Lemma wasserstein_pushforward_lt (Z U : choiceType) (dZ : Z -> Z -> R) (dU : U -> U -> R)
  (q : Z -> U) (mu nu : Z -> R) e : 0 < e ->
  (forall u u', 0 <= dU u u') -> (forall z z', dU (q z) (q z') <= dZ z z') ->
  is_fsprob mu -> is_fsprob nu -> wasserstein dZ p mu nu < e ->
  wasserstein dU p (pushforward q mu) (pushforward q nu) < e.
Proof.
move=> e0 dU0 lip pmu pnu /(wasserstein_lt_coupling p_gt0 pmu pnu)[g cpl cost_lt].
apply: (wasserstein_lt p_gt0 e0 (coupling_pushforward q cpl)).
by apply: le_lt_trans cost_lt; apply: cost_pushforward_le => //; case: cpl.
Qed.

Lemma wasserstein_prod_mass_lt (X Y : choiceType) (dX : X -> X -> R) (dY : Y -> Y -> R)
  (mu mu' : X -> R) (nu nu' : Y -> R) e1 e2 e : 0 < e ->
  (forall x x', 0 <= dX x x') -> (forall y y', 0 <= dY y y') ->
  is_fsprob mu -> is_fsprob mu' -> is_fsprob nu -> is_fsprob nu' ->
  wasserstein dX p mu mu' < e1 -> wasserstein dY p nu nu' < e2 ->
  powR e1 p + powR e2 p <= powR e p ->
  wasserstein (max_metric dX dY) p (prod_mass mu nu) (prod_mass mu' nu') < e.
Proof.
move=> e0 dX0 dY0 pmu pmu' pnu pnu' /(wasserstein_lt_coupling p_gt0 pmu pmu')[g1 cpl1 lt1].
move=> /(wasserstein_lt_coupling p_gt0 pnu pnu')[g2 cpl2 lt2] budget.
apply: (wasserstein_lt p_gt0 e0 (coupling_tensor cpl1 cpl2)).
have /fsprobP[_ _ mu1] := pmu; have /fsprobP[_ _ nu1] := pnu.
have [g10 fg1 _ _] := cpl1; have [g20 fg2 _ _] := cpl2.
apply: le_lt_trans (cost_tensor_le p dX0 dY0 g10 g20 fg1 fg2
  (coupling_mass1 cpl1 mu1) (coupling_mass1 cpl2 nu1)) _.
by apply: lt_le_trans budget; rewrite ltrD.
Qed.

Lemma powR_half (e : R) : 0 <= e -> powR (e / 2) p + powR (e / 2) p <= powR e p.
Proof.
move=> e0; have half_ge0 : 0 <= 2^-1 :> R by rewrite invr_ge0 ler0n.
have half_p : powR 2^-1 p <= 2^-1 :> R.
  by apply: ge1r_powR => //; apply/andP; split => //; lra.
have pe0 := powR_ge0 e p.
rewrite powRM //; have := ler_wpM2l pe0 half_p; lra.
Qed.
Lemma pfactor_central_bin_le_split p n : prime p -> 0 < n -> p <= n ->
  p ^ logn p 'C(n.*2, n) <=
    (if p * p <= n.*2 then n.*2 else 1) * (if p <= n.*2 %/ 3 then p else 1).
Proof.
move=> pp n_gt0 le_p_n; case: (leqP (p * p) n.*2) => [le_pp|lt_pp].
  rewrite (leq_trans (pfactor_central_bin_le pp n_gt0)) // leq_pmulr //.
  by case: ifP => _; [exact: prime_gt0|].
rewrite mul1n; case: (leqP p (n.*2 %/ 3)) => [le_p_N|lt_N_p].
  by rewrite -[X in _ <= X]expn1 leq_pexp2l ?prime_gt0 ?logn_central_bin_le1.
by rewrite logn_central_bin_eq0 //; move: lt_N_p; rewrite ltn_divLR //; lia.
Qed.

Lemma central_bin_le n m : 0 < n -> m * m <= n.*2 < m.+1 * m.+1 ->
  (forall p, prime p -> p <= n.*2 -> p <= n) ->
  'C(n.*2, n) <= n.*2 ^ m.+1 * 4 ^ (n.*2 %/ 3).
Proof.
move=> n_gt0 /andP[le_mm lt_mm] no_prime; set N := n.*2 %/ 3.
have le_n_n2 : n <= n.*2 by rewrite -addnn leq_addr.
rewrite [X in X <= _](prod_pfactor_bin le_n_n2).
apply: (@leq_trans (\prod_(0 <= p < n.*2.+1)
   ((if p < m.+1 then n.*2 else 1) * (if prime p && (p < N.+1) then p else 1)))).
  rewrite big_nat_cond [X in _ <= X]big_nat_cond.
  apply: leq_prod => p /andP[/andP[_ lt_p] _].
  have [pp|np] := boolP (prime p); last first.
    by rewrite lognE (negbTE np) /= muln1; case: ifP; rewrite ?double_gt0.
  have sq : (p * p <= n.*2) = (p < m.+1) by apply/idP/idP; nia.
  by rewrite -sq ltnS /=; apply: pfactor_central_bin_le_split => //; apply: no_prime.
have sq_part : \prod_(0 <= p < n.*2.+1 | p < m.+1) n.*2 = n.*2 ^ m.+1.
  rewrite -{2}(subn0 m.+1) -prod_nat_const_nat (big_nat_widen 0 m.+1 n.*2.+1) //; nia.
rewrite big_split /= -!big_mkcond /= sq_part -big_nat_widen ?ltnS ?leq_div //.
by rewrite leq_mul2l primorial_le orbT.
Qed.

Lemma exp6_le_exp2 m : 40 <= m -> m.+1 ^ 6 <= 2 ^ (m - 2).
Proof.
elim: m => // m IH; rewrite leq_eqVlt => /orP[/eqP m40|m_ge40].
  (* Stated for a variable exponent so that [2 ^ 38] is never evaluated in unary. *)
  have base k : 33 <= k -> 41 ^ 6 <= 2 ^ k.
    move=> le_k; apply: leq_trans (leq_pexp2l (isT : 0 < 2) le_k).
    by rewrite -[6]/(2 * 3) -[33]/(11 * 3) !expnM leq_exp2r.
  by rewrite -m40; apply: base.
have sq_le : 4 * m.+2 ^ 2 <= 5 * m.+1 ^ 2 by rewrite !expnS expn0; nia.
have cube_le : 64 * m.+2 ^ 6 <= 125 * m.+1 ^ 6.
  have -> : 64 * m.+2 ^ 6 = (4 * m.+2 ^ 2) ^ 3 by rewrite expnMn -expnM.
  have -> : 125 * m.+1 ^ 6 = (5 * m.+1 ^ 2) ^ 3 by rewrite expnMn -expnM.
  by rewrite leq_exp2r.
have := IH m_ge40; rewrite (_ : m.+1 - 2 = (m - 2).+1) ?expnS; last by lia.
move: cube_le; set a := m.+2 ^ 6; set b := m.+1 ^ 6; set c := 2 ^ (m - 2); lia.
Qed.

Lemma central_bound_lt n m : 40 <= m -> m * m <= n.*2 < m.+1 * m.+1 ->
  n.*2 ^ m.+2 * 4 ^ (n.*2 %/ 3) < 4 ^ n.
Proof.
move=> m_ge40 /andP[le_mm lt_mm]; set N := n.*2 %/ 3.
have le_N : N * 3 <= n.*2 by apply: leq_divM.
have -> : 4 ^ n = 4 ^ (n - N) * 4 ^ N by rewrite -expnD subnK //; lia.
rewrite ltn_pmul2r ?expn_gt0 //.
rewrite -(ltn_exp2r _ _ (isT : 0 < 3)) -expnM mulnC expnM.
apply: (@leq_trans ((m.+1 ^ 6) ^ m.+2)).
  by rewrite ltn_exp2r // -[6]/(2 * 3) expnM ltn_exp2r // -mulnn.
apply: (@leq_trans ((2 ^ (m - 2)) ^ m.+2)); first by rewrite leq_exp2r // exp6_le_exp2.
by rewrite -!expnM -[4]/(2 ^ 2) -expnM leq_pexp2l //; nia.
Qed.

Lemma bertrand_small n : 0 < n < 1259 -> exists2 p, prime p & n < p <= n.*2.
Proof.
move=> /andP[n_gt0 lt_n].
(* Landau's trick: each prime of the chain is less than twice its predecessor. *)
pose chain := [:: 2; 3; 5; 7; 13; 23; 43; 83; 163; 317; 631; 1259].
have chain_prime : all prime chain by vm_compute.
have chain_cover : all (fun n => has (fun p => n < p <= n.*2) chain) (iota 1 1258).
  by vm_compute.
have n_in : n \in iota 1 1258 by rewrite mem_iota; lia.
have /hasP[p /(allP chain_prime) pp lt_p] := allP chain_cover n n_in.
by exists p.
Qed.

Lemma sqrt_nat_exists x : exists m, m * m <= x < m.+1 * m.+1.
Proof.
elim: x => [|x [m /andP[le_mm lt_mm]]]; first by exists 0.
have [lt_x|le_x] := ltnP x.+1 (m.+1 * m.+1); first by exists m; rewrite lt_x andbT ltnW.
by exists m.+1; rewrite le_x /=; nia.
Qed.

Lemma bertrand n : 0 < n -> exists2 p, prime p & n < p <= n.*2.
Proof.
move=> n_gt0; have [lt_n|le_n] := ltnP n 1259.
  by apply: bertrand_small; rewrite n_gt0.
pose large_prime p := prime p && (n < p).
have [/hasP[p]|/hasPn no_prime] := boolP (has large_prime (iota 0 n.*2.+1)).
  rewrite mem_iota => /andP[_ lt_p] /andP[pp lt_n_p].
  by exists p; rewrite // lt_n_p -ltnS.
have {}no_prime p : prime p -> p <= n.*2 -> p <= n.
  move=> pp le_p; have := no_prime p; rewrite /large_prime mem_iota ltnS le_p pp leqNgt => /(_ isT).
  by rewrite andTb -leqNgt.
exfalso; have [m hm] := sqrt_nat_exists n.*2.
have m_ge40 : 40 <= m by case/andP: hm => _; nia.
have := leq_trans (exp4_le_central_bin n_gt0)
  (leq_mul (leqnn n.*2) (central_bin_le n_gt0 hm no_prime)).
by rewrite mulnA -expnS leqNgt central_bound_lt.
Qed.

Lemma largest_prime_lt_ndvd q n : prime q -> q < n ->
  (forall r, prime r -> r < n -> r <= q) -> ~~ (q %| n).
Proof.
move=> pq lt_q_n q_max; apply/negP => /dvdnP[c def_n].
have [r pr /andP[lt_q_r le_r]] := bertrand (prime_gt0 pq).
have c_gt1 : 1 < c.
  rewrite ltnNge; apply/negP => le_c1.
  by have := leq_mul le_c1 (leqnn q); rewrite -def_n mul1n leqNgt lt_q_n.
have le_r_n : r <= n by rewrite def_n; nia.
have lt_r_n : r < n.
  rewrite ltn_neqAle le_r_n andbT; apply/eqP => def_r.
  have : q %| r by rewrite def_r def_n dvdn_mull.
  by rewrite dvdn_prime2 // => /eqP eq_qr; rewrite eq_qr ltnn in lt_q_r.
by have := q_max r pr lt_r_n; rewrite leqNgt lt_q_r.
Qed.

********************

:: Required action ::
Going through the listing above, copy out every line that has the string "budget".

:: Written solution ::
move=> /(wasserstein_lt_coupling p_gt0 pnu pnu')[g2 cpl2 lt2] budget.
by apply: lt_le_trans budget; rewrite ltrD.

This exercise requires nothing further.